Only the lines from the one with "destruct (is_lub_approx _" through the end of the material, both ends included, should be retyped exactly.

*** Opening SUPPLIED DATA ***

Lemma next_point (T : R -> Prop) (c t : R) :
  closed_set T -> T t -> c < t -> ~ right_dense T c ->
  exists v, T v /\ c < v <= t /\ forall u, T u -> ~ (c < u < v).
Proof.
  intros HT Tt Hct Hnd.
  assert (Hgap : exists d, 0 < d /\ forall u, T u -> ~ (c < u < c + d)).
  { apply NNPP. intros Hno. apply Hnd. intros d Hd. apply NNPP. intros Hd'.
    apply Hno. exists d. split; [exact Hd|]. intros u Tu Hu. apply Hd'. exists u. auto. }
  destruct Hgap as [d [Hd Hgap]].
  (* the next point is -m, where m is the sup of {y | -y in T, c < -y <= t} *)
  set (E := fun y => T (- y) /\ c < - y <= t).
  assert (Et : E (- t)) by (unfold E; rewrite Ropp_involutive; split; [exact Tt | lra]).
  destruct (completeness E) as [m Hm].
  { exists (- c). intros y [_ Hy]. lra. }
  { exists (- t). exact Et. }
  assert (Hmt : - t <= m) by exact (proj1 Hm _ Et).
  assert (Hmc : m <= - (c + d)).
  { apply (proj2 Hm). intros y [Ty Hy].
    apply Rnot_lt_le. intros Hlt. apply (Hgap (- y) Ty). lra. }
  exists (- m). split; [|split; [lra|]].
  - apply closed_set_adherent; [exact HT|]. intros eps Heps.
    destruct (is_lub_approx E m eps Hm Heps) as [y [[Ty _] Hy]].
    exists (- y). split; [exact Ty|]. apply Rabs_def1; lra.
  - intros u Tu Hu.
    assert (Eu : E (- u)) by (unfold E; rewrite Ropp_involutive; split; [exact Tu | lra]).
    pose proof (proj1 Hm _ Eu). lra.
Qed.

Lemma rho_is_lub (T : R -> Prop) (x u : R) :
  T u -> u < x -> is_lub (fun s => T s /\ s < x) (rho T x).
Proof.
  intros Tu Hux.
  destruct (completeness (fun s => T s /\ s < x)) as [m Hm].
  { exists x. intros s [_ Hs]. lra. }
  { exists u. split; assumption. }
  replace (rho T x) with m; [exact Hm|].
  unfold rho. rewrite (is_lub_Rbar_unique _ m); [reflexivity|]. split.
  - intros s Hs. exact (proj1 Hm s Hs).
  - intros [b| |] Hb; simpl; [| exact I | exact (Hb u (conj Tu Hux))].
    apply (proj2 Hm). intros s Hs. exact (Hb s Hs).
Qed.

Lemma rho_ge (T : R -> Prop) (x u : R) : T u -> u < x -> u <= rho T x.
Proof. intros Tu Hux. exact (proj1 (rho_is_lub T x u Tu Hux) u (conj Tu Hux)). Qed.

Lemma rho_le (T : R -> Prop) (x u : R) : T u -> u < x -> rho T x <= x.
Proof.
  intros Tu Hux. apply (proj2 (rho_is_lub T x u Tu Hux)). intros s [_ Hs]. lra.
Qed.

Lemma rho_mem (T : R -> Prop) (x u : R) : closed_set T -> T u -> u < x -> T (rho T x).
Proof.
  intros HT Tu Hux. apply (closed_set_lub_mem T (fun s => T s /\ s < x)); [exact HT | |].
  - intros s [Ts _]. exact Ts.
  - exact (rho_is_lub T x u Tu Hux).
Qed.

Lemma rho_gap (T : R -> Prop) (c v : R) :
  T c -> c < v -> (forall u, T u -> ~ (c < u < v)) -> rho T v = c.
Proof.
  intros Tc Hcv Hgap. apply (is_lub_u (fun s => T s /\ s < v)).
  - exact (rho_is_lub T v c Tc Hcv).
  - split.
    + intros u [Tu Hu]. apply Rnot_lt_le. intros Hcu. exact (Hgap u Tu (conj Hcu Hu)).
    + intros b Hb. exact (Hb c (conj Tc Hcv)).
Qed.

Lemma left_dense_rho (T : R -> Prop) (x : R) : left_dense T x -> rho T x = x.
Proof.
  intros Hld. destruct (Hld 1 Rlt_0_1) as [u [Tu Hu]].
  apply (is_lub_u (fun s => T s /\ s < x)); [exact (rho_is_lub T x u Tu (proj2 Hu))|].
  split.
  - intros s [_ Hs]. lra.
  - intros b Hb. apply Rnot_lt_le. intros Hbx.
    destruct (Hld (x - b)) as [w [Tw Hw]]; [lra|].
    pose proof (Hb w (conj Tw (proj2 Hw))). lra.
Qed.

Lemma rho_eq_left_dense (T : R -> Prop) (x u : R) :
  T u -> u < x -> rho T x = x -> left_dense T x.
Proof.
  intros Tu Hux Hrho delta Hdelta.
  pose proof (rho_is_lub T x u Tu Hux) as Hlub. rewrite Hrho in Hlub.
  destruct (is_lub_approx _ x delta Hlub Hdelta) as [w [[Tw Hw] Hwx]].
  exists w. split; [exact Tw | lra].
Qed.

*** Closing SUPPLIED DATA ***

▶ _RESPONSE FOR THIS EXERCISE_:
  destruct (is_lub_approx _ x delta Hlub Hdelta) as [w [[Tw Hw] Hwx]].
  exists w. split; [exact Tw | lra].
Qed.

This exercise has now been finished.